*** Block opens ***

(* Let $K\ge 1$ and $M_\text{t}\ge 2$ be integers and let $P_\text{t}>0$, $P_\mathsf{max}>0$, $N_0>0$, $\tau>0$ and $\beta_1,\dots,\beta_K>0$. For a beacon power vector $\mathbf{p}=[p_1,\dots,p_K]^T$ with $0\le p_k\le P_\mathsf{max}$, define the harvested power of receiver $k$ by $$Q_k(\mathbf{p}) = P_\text{t}\beta_k + P_\text{t}\frac{p_k\beta_k^2(M_\text{t}-1)}{\sum_{l=1}^K p_l\beta_l + \frac{N_0}{\tau}},\qquad k=1,\dots,K,$$ and set $q_k(\mathbf{p}) = Q_k(\mathbf{p}) - P_\text{t}\beta_k$. Let targets $\bar Q_1,\dots,\bar Q_K$ satisfy $\bar Q_k\ge P_\text{t}\beta_k$ and put $\bar q_k=\bar Q_k-P_\text{t}\beta_k$. Starting from any initial vector $\mathbf{p}[1]$ with $0<p_k[1]\le P_\mathsf{max}$ for all $k$, consider the iteration $$p_k[n+1]=\min\left\{P_\mathsf{max},\ \frac{\bar q_k}{q_k(\mathbf{p}[n])}\,p_k[n]\right\},\qquad k=1,\dots,K,\ n\ge 1.$$ Then $\mathbf{p}[n]$ converges to a unique fixed-point solution $\mathbf{p}^\star=[p_1^\star,\dots,p_K^\star]^T$, such that every $k$ with $p_k^\star<P_\mathsf{max}$ satisfies $Q_k(\mathbf{p}^\star)=\bar Q_k$, and every $k$ with $p_k^\star=P_\mathsf{max}$ satisfies $Q_k(\mathbf{p}^\star)\le\bar Q_k$.
   Context: Setting: an energy transmitter with $M_\text{t}$ antennas and total transmit power $P_\text{t}$ serves $K$ single-antenna energy receivers via retrodirective beamforming; receiver $k$ sends an uplink beacon of power $p_k\in[0,P_\mathsf{max}]$ for duration $\tau$, $N_0$ is the noise power spectral density, and $\beta_k$ is the large-scale channel attenuation of receiver $k$. The formula for $Q_k(\mathbf{p})$ above is the paper's (large-antenna) model of the power harvested by receiver $k$, and the iteration is the distributed beacon power update in which each receiver updates its beacon power once per block $n$. *)

From HB Require Import structures.
From mathcomp Require Import all_boot all_order all_algebra.
From mathcomp Require Import all_classical all_reals all_analysis.
Set Implicit Arguments. Unset Strict Implicit. Unset Printing Implicit Defensive.
Import Order.TTheory GRing.Theory Num.Theory.
Local Open Scope ring_scope.

Definition Qh (R : realType) (K M : nat) (Pt N0 tau : R) (beta : 'I_K -> R)
  (p : 'I_K -> R) (k : 'I_K) : R :=
  Pt * beta k + Pt * (p k * beta k ^+ 2 * (M%:R - 1))
                     / (\sum_(l < K) p l * beta l + N0 / tau).

Definition qh (R : realType) (K M : nat) (Pt N0 tau : R) (beta : 'I_K -> R)
  (p : 'I_K -> R) (k : 'I_K) : R :=
  Qh M Pt N0 tau beta p k - Pt * beta k.

(* One step of the distributed beacon power update:
   p_k[n+1] = min { Pmax, (qbar_k / q_k(p[n])) p_k[n] },  qbar_k = Qbar_k - Pt beta_k.
   (MathComp convention x / 0 = 0.) *)
Definition step (R : realType) (K M : nat) (Pt Pmax N0 tau : R) (beta Qbar : 'I_K -> R)
  (p : 'I_K -> R) : 'I_K -> R :=
  fun k => Num.min Pmax ((Qbar k - Pt * beta k) / qh M Pt N0 tau beta p k * p k).

Definition fp_solution (R : realType) (K M : nat) (Pt Pmax N0 tau : R)
  (beta Qbar : 'I_K -> R) (p : 'I_K -> R) : Prop :=
  forall k : 'I_K, 0 <= p k <= Pmax /\
    (p k < Pmax -> Qh M Pt N0 tau beta p k = Qbar k) /\
    (p k = Pmax -> Qh M Pt N0 tau beta p k <= Qbar k).

From HB Require Import structures.
From mathcomp Require Import all_boot all_order all_algebra.
From mathcomp Require Import all_classical all_reals all_analysis.
From mathcomp Require Import ring.
Import Order.TTheory GRing.Theory Num.Theory.
Import numFieldNormedType.Exports.
Local Open Scope classical_set_scope.
Local Open Scope ring_scope.
Set Implicit Arguments. Unset Strict Implicit. Unset Printing Implicit Defensive.

(* With the load S(p) = sum_l p_l beta_l one has
   q_k(p) = gain_k p_k / (S(p) + N0/tau), so the update reads
   p_k[n+1] = min(Pmax, slope_k (S(p[n]) + N0/tau)) with slope_k = qbar_k / gain_k,
   and the load follows the scalar recursion S[n+1] = G(S[n]) for a bounded,
   continuous, nondecreasing G.  Hence S[n] is monotone and converges to a fixed
   point of G, dragging p[n] along.  With c = N0/tau, each response
   x |-> min(Pmax, slope_k (x + c)), hence G, is subhomogeneous:
   G(y) (x + c) <= (y + c) G(x) for 0 <= x <= y.  This leaves G at most one
   nonnegative fixed point, and the fixed-point solutions are exactly the
   responses to fixed points of G, hence unique. *)

Lemma minr_affine_subhomogeneous (R : realFieldType) (P a u v : R) :
  0 <= P -> 0 <= a -> 0 < u <= v ->
  Num.min P (a * v) * u <= v * Num.min P (a * u).
Proof.
move=> P_ge0 a_ge0 /andP[u_gt0 le_uv].
have le_auv : a * u <= a * v by rewrite ler_wpM2l.
have [le_Pau | lt_auP] := lerP P (a * u).
  by rewrite min_l ?(le_trans le_Pau) // mulrC; apply: ler_wpM2r.
rewrite mulrA [v * a]mulrC; apply: ler_wpM2r; first exact: ltW.
by rewrite ge_min lexx orbT.
Qed.

Lemma subhomogeneous_fixpoint_unique (R : realFieldType) (c : R) (f : R -> R) :
  0 < c -> (forall x y, 0 <= x <= y -> f y * (x + c) <= (y + c) * f x) ->
  forall x y, 0 <= x -> 0 <= y -> f x = x -> f y = y -> x = y.
Proof.
move=> c_gt0 f_sub x y x_ge0 y_ge0 fx fy.
wlog le_xy : x y x_ge0 y_ge0 fx fy / x <= y.
  by move=> hwlog; case/orP: (le_total x y) => ?; [|symmetry]; exact: hwlog.
apply/eqP; rewrite eq_le le_xy /=.
have := f_sub x y; rewrite x_ge0 le_xy fx fy => /(_ isT).
by rewrite mulrDr mulrDl [y * x]mulrC lerD2l [c * x]mulrC ler_pM2r.
Qed.

Lemma orbit_nondecreasing_cvg (R : realType) (f : R -> R) (s : R ^nat)
    (lo hi : R) :
  {homo f : x y / x <= y} -> continuous f ->
  (forall n, lo <= s n <= hi) -> (forall n, s n.+1 = f (s n)) ->
  exists L, [/\ s @ \oo --> L, lo <= L & f L = L].
Proof.
move=> f_homo f_cont s_bnd s_rec.
have s_cvg : cvgn s.
  have [le_s01 | /ltW le_s10] := lerP (s 0%N) (s 1%N).
    apply: nondecreasing_is_cvgn.
      by apply/nondecreasing_seqP; elim=> // n IH; rewrite !s_rec f_homo // -s_rec.
    by exists hi => _ [n _ <-]; case/andP: (s_bnd n).
  apply: nonincreasing_is_cvgn.
    by apply/nonincreasing_seqP; elim=> // n IH; rewrite !s_rec f_homo // -s_rec.
  by exists lo => _ [n _ <-]; case/andP: (s_bnd n).
exists (limn s); split => //.
  by apply: limr_ge => //; apply: nearW => n; case/andP: (s_bnd n).
have sS_to_fL : [sequence s n.+1]_n @ \oo --> f (limn s).
  have -> : [sequence s n.+1]_n = f \o s by apply/funext => n; rewrite /= s_rec.
  by apply: continuous_cvg; [exact: f_cont | exact: s_cvg].
have s_to_fL : s @ \oo --> f (limn s) by rewrite -cvg_shiftS.
exact: (cvg_unique _ s_to_fL s_cvg).
Qed.

Section BeaconPower.
Variables (R : realType) (K M : nat) (Pt Pmax N0 tau : R) (beta Qbar : 'I_K -> R).
Hypotheses (M_ge2 : (2 <= M)%N) (Pt_gt0 : 0 < Pt) (Pmax_gt0 : 0 < Pmax)
  (N0_gt0 : 0 < N0) (tau_gt0 : 0 < tau) (beta_gt0 : forall k, 0 < beta k)
  (Qbar_ge : forall k, Pt * beta k <= Qbar k).

Local Notation Qh := (Qh M Pt N0 tau beta).
Local Notation qh := (qh M Pt N0 tau beta).
Local Notation step := (step M Pt Pmax N0 tau beta Qbar).
Local Notation fp_solution := (fp_solution M Pt Pmax N0 tau beta Qbar).
Local Notation noise := (N0 / tau).

Definition qbar k := Qbar k - Pt * beta k.
Definition gain k := Pt * beta k ^+ 2 * (M%:R - 1).
Definition load (p : 'I_K -> R) := \sum_(l < K) p l * beta l.
Definition slope k := qbar k / gain k.

Definition response k (x : R) := Num.min Pmax (slope k * (x + noise)).
Definition load_map (x : R) := load (response^~ x).

(* [step] divides by q_k(p), which vanishes with p_k; since x / 0 = 0, on such
   a coordinate [step] agrees with [response] only when qbar k = 0. *)
Definition admissible (p : 'I_K -> R) :=
  forall k, 0 <= p k /\ (p k = 0 -> qbar k = 0).

Lemma gain_gt0 k : 0 < gain k.
Proof.
have M1_gt0 : 0 < M%:R - 1 :> R by rewrite subr_gt0 (@ltr_nat R 1 M).
by rewrite !mulr_gt0 // exprn_gt0.
Qed.

Lemma slope_ge0 k : 0 <= slope k.
Proof. by rewrite divr_ge0 ?subr_ge0 // ltW ?gain_gt0. Qed.

Lemma addr_noise_gt0 x : 0 <= x -> 0 < x + noise.
Proof. by move=> x_ge0; rewrite ltr_wpDl // divr_gt0. Qed.

Lemma load_ge0 p : (forall k, 0 <= p k) -> 0 <= load p.
Proof. by move=> p_ge0; rewrite sumr_ge0 // => l _; rewrite mulr_ge0 // ltW. Qed.

Lemma qh_load p k : qh p k = gain k * p k / (load p + noise).
Proof. by rewrite /qh /Qh /gain /load; ring. Qed.

Lemma Qh_subr_Qbar p k : load p + noise != 0 ->
  Qh p k - Qbar k = gain k / (load p + noise) * (p k - slope k * (load p + noise)).
Proof.
have -> : Qh p k = Pt * beta k + gain k * p k / (load p + noise).
  by rewrite /Qh /gain /load; ring.
rewrite /slope /qbar; set D := load p + noise => D_neq0.
by field; rewrite D_neq0 gt_eqF ?gain_gt0.
Qed.

Lemma Qh_le_Qbar p k : 0 < load p + noise ->
  (Qh p k <= Qbar k) = (p k <= slope k * (load p + noise)).
Proof.
move=> D_gt0; rewrite -subr_le0 (Qh_subr_Qbar _ (lt0r_neq0 D_gt0)).
by rewrite pmulr_rle0 ?subr_le0 // divr_gt0 ?gain_gt0.
Qed.

Lemma Qh_eq_Qbar p k : 0 < load p + noise ->
  (Qh p k == Qbar k) = (p k == slope k * (load p + noise)).
Proof.
move=> D_gt0; rewrite -subr_eq0 (Qh_subr_Qbar _ (lt0r_neq0 D_gt0)).
by rewrite mulf_eq0 gt_eqF ?divr_gt0 ?gain_gt0 ?subr_eq0.
Qed.

Lemma response_ge0 k x : 0 <= x -> 0 <= response k x.
Proof.
move=> x_ge0; rewrite le_min (ltW Pmax_gt0) mulr_ge0 ?slope_ge0 //.
exact/ltW/addr_noise_gt0.
Qed.

Lemma response_le_Pmax k x : response k x <= Pmax.
Proof. by rewrite ge_min lexx. Qed.

Lemma response_homo k : {homo response k : x y / x <= y}.
Proof.
move=> x y le_xy; rewrite le_min ge_min lexx /= ge_min.
by rewrite ler_wpM2l ?slope_ge0 ?lerD2r ?orbT.
Qed.

Lemma response_continuous k : continuous (response k).
Proof.
have -> : response k = cst Pmax \min (fun x => slope k * (x + noise)) by [].
move=> x; apply: continuous_min; first exact: cst_continuous.
by apply: cvgM; [exact: cvg_cst | apply: cvgD; [exact: cvg_id | exact: cvg_cst]].
Qed.

Lemma response_eq0 k x : 0 <= x -> response k x = 0 -> qbar k = 0.
Proof.
move=> x_ge0; rewrite /response; case: lerP => [_ Pmax0|_ /eqP].
  by move: Pmax_gt0; rewrite Pmax0 ltxx.
rewrite mulf_eq0 (gt_eqF (addr_noise_gt0 x_ge0)) orbF mulf_eq0 invr_eq0.
by rewrite (gt_eqF (gain_gt0 k)) orbF => /eqP.
Qed.

Lemma response_admissible x : 0 <= x -> admissible (response^~ x).
Proof. by move=> x_ge0 k; split; [exact: response_ge0 | exact: response_eq0]. Qed.

Lemma step_admissible p : admissible p -> step p = response^~ (load p).
Proof.
move=> p_adm; apply/funext => k; rewrite /step qh_load.
have [p_ge0 p_eq0] := p_adm k.
have D_gt0 : 0 < load p + noise.
  by apply/addr_noise_gt0/load_ge0 => l; case: (p_adm l).
have [pk0 | pk_neq0] := eqVneq (p k) 0.
  by rewrite /response /slope -/(qbar k) (p_eq0 pk0) pk0 !(mul0r, mulr0).
rewrite /response /slope -/(qbar k); congr Num.min.
move: (lt0r_neq0 D_gt0); set D := load p + noise => D_neq0.
by field; rewrite pk_neq0 D_neq0 gt_eqF ?gain_gt0.
Qed.

Lemma ler_load p p' : (forall k, p k <= p' k) -> load p <= load p'.
Proof.
by move=> le_pp'; apply: ler_sum => l _; rewrite ler_wpM2r ?(ltW (beta_gt0 l)).
Qed.

Lemma load_map_homo : {homo load_map : x y / x <= y}.
Proof. by move=> x y le_xy; apply: ler_load => k; exact: response_homo. Qed.

Lemma load_map_continuous : continuous load_map.
Proof.
move=> x; apply: cvg_big => [|l _]; first exact: add_continuous.
by apply: cvgM; [exact: response_continuous | exact: cvg_cst].
Qed.

Lemma load_map_subhomogeneous x y : 0 <= x <= y ->
  load_map y * (x + noise) <= (y + noise) * load_map x.
Proof.
move=> /andP[x_ge0 le_xy]; rewrite mulr_suml mulr_sumr; apply: ler_sum => l _.
rewrite mulrAC mulrA; apply: ler_wpM2r; first exact: ltW.
apply: minr_affine_subhomogeneous; rewrite ?(ltW Pmax_gt0) ?slope_ge0 //.
by rewrite addr_noise_gt0 // lerD2r.
Qed.

Lemma fp_solution_response p : fp_solution p -> p = response^~ (load p).
Proof.
move=> p_fp; apply/funext => k.
have D_gt0 : 0 < load p + noise.
  by apply/addr_noise_gt0/load_ge0 => l; case: (p_fp l) => /andP[].
have [/andP[_ pk_le] [Qh_eq Qh_le]] := p_fp k.
rewrite /response; have [pk_lt | pk_ge] := ltrP (p k) Pmax.
  have <- : p k = slope k * (load p + noise).
    by apply/eqP; rewrite -Qh_eq_Qbar //; apply/eqP; exact: Qh_eq.
  by rewrite min_r // ltW.
have pk_Pmax : p k = Pmax by apply/eqP; rewrite eq_le pk_le pk_ge.
by rewrite min_l // -pk_Pmax -Qh_le_Qbar // Qh_le.
Qed.

Lemma response_fp_solution x :
  0 <= x -> load_map x = x -> fp_solution (response^~ x).
Proof.
move=> x_ge0 x_fix k.
have D_gt0 : 0 < load (response^~ x) + noise.
  by rewrite -/(load_map x) x_fix addr_noise_gt0.
split; first by rewrite response_ge0 ?response_le_Pmax.
split=> [lt_Pmax | _].
  apply/eqP; rewrite Qh_eq_Qbar // -/(load_map x) x_fix.
  by move: lt_Pmax; rewrite /response gt_min ltxx => /ltW/min_r ->.
by rewrite Qh_le_Qbar // -/(load_map x) x_fix /response ge_min lexx orbT.
Qed.

Lemma fp_solution_unique p p' : fp_solution p -> fp_solution p' -> p = p'.
Proof.
have fixed_load q : fp_solution q -> load_map (load q) = load q.
  by move=> /fp_solution_response q_resp; rewrite {2}q_resp.
have load_ge0_fp q : fp_solution q -> 0 <= load q.
  by move=> q_fp; apply: load_ge0 => k; case: (q_fp k) => /andP[].
move=> p_fp p'_fp.
have eq_load : load p = load p'.
  by apply: (subhomogeneous_fixpoint_unique _ load_map_subhomogeneous);
    rewrite ?divr_gt0 ?fixed_load ?load_ge0_fp.
by rewrite (fp_solution_response p_fp) (fp_solution_response p'_fp) eq_load.
Qed.

Lemma step_response x :
  0 <= x -> load_map x = x -> step (response^~ x) = response^~ x.
Proof.
move=> x_ge0 x_fix.
by rewrite step_admissible -?/(load_map x) ?x_fix //; exact: response_admissible.
Qed.

Lemma step_iterates_cvg (p : nat -> 'I_K -> R) :
  (forall k, 0 < p 0%N k <= Pmax) -> (forall n, p n.+1 = step (p n)) ->
  exists2 x, 0 <= x /\ load_map x = x &
    forall k, (fun n => p n k) @ \oo --> response k x.
Proof.
move=> p0 p_rec.
have p_adm n : admissible (p n).
  elim: n => [k | n IH]; last first.
    rewrite p_rec step_admissible //; apply/response_admissible/load_ge0 => k.
    by case: (IH k).
  have /andP[pk_gt0 _] := p0 k.
  by split=> [|pk0]; [exact: ltW | move: pk_gt0; rewrite pk0 ltxx].
have p_resp n : p n.+1 = response^~ (load (p n)) by rewrite p_rec step_admissible.
have p_le n k : p n k <= Pmax.
  by case: n => [|n]; [case/andP: (p0 k) | rewrite p_resp response_le_Pmax].
pose s n := load (p n).
have s_rec n : s n.+1 = load_map (s n) by rewrite /s p_resp.
have s_bnd n : 0 <= s n <= load (fun=> Pmax).
  by rewrite load_ge0 ?ler_load // => k; case: (p_adm n k).
have [x [s_cvg x_ge0 x_fix]] :=
  orbit_nondecreasing_cvg load_map_homo load_map_continuous s_bnd s_rec.
exists x => // k; rewrite -cvg_shiftS.
have -> : [sequence p n.+1 k]_n = response k \o s.
  by apply/funext => n; rewrite /= p_resp.
by apply: continuous_cvg; [exact: response_continuous | exact: s_cvg].
Qed.

End BeaconPower.

Theorem theorem1 (R : realType) (K M : nat) (Pt Pmax N0 tau : R)
  (beta Qbar : 'I_K -> R) (p : nat -> 'I_K -> R) :
  (1 <= K)%N -> (2 <= M)%N ->
  0 < Pt -> 0 < Pmax -> 0 < N0 -> 0 < tau ->
  (forall k, 0 < beta k) ->
  (forall k, Pt * beta k <= Qbar k) ->
  (forall k, 0 < p 0%N k <= Pmax) ->
  (forall n, p n.+1 = step M Pt Pmax N0 tau beta Qbar (p n)) ->
  exists pstar : 'I_K -> R,
    (forall k, (fun n => p n k) @ \oo --> pstar k) /\
    step M Pt Pmax N0 tau beta Qbar pstar = pstar /\
    fp_solution M Pt Pmax N0 tau beta Qbar pstar /\
    (forall p' : 'I_K -> R, fp_solution M Pt Pmax N0 tau beta Qbar p' -> p' = pstar).
Proof.
move=> _ M_ge2 Pt_gt0 Pmax_gt0 N0_gt0 tau_gt0 beta_gt0 Qbar_ge p0 p_rec.
have [x [x_ge0 x_fix] p_cvg] := step_iterates_cvg M_ge2 Pt_gt0 Pmax_gt0 N0_gt0
  tau_gt0 beta_gt0 Qbar_ge p0 p_rec.
have pstar_fp := response_fp_solution M_ge2 Pt_gt0 Pmax_gt0 N0_gt0 tau_gt0
  beta_gt0 Qbar_ge x_ge0 x_fix.
exists (fun k => response M Pt Pmax N0 tau beta Qbar k x); split => //.
split; first exact: step_response.
split => // p' p'_fp; exact: fp_solution_unique p'_fp pstar_fp.
Qed.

*** Block closes ***

_EXERCISE DETAILS_.
The entries above hold the needed span. Transcribe exactly the lines from the one with "by rewrite -/(load_map" to the one with "have s_rec n", both included.

_ANSWER BELOW_.
  by rewrite -/(load_map x) x_fix addr_noise_gt0.
split; first by rewrite response_ge0 ?response_le_Pmax.
split=> [lt_Pmax | _].
  apply/eqP; rewrite Qh_eq_Qbar // -/(load_map x) x_fix.
  by move: lt_Pmax; rewrite /response gt_min ltxx => /ltW/min_r ->.
by rewrite Qh_le_Qbar // -/(load_map x) x_fix /response ge_min lexx orbT.
Qed.

Lemma fp_solution_unique p p' : fp_solution p -> fp_solution p' -> p = p'.
Proof.
have fixed_load q : fp_solution q -> load_map (load q) = load q.
  by move=> /fp_solution_response q_resp; rewrite {2}q_resp.
have load_ge0_fp q : fp_solution q -> 0 <= load q.
  by move=> q_fp; apply: load_ge0 => k; case: (q_fp k) => /andP[].
move=> p_fp p'_fp.
have eq_load : load p = load p'.
  by apply: (subhomogeneous_fixpoint_unique _ load_map_subhomogeneous);
    rewrite ?divr_gt0 ?fixed_load ?load_ge0_fp.
by rewrite (fp_solution_response p_fp) (fp_solution_response p'_fp) eq_load.
Qed.

Lemma step_response x :
  0 <= x -> load_map x = x -> step (response^~ x) = response^~ x.
Proof.
move=> x_ge0 x_fix.
by rewrite step_admissible -?/(load_map x) ?x_fix //; exact: response_admissible.
Qed.

Lemma step_iterates_cvg (p : nat -> 'I_K -> R) :
  (forall k, 0 < p 0%N k <= Pmax) -> (forall n, p n.+1 = step (p n)) ->
  exists2 x, 0 <= x /\ load_map x = x &
    forall k, (fun n => p n k) @ \oo --> response k x.
Proof.
move=> p0 p_rec.
have p_adm n : admissible (p n).
  elim: n => [k | n IH]; last first.
    rewrite p_rec step_admissible //; apply/response_admissible/load_ge0 => k.
    by case: (IH k).
  have /andP[pk_gt0 _] := p0 k.
  by split=> [|pk0]; [exact: ltW | move: pk_gt0; rewrite pk0 ltxx].
have p_resp n : p n.+1 = response^~ (load (p n)) by rewrite p_rec step_admissible.
have p_le n k : p n k <= Pmax.
  by case: n => [|n]; [case/andP: (p0 k) | rewrite p_resp response_le_Pmax].
pose s n := load (p n).
have s_rec n : s n.+1 = load_map (s n) by rewrite /s p_resp.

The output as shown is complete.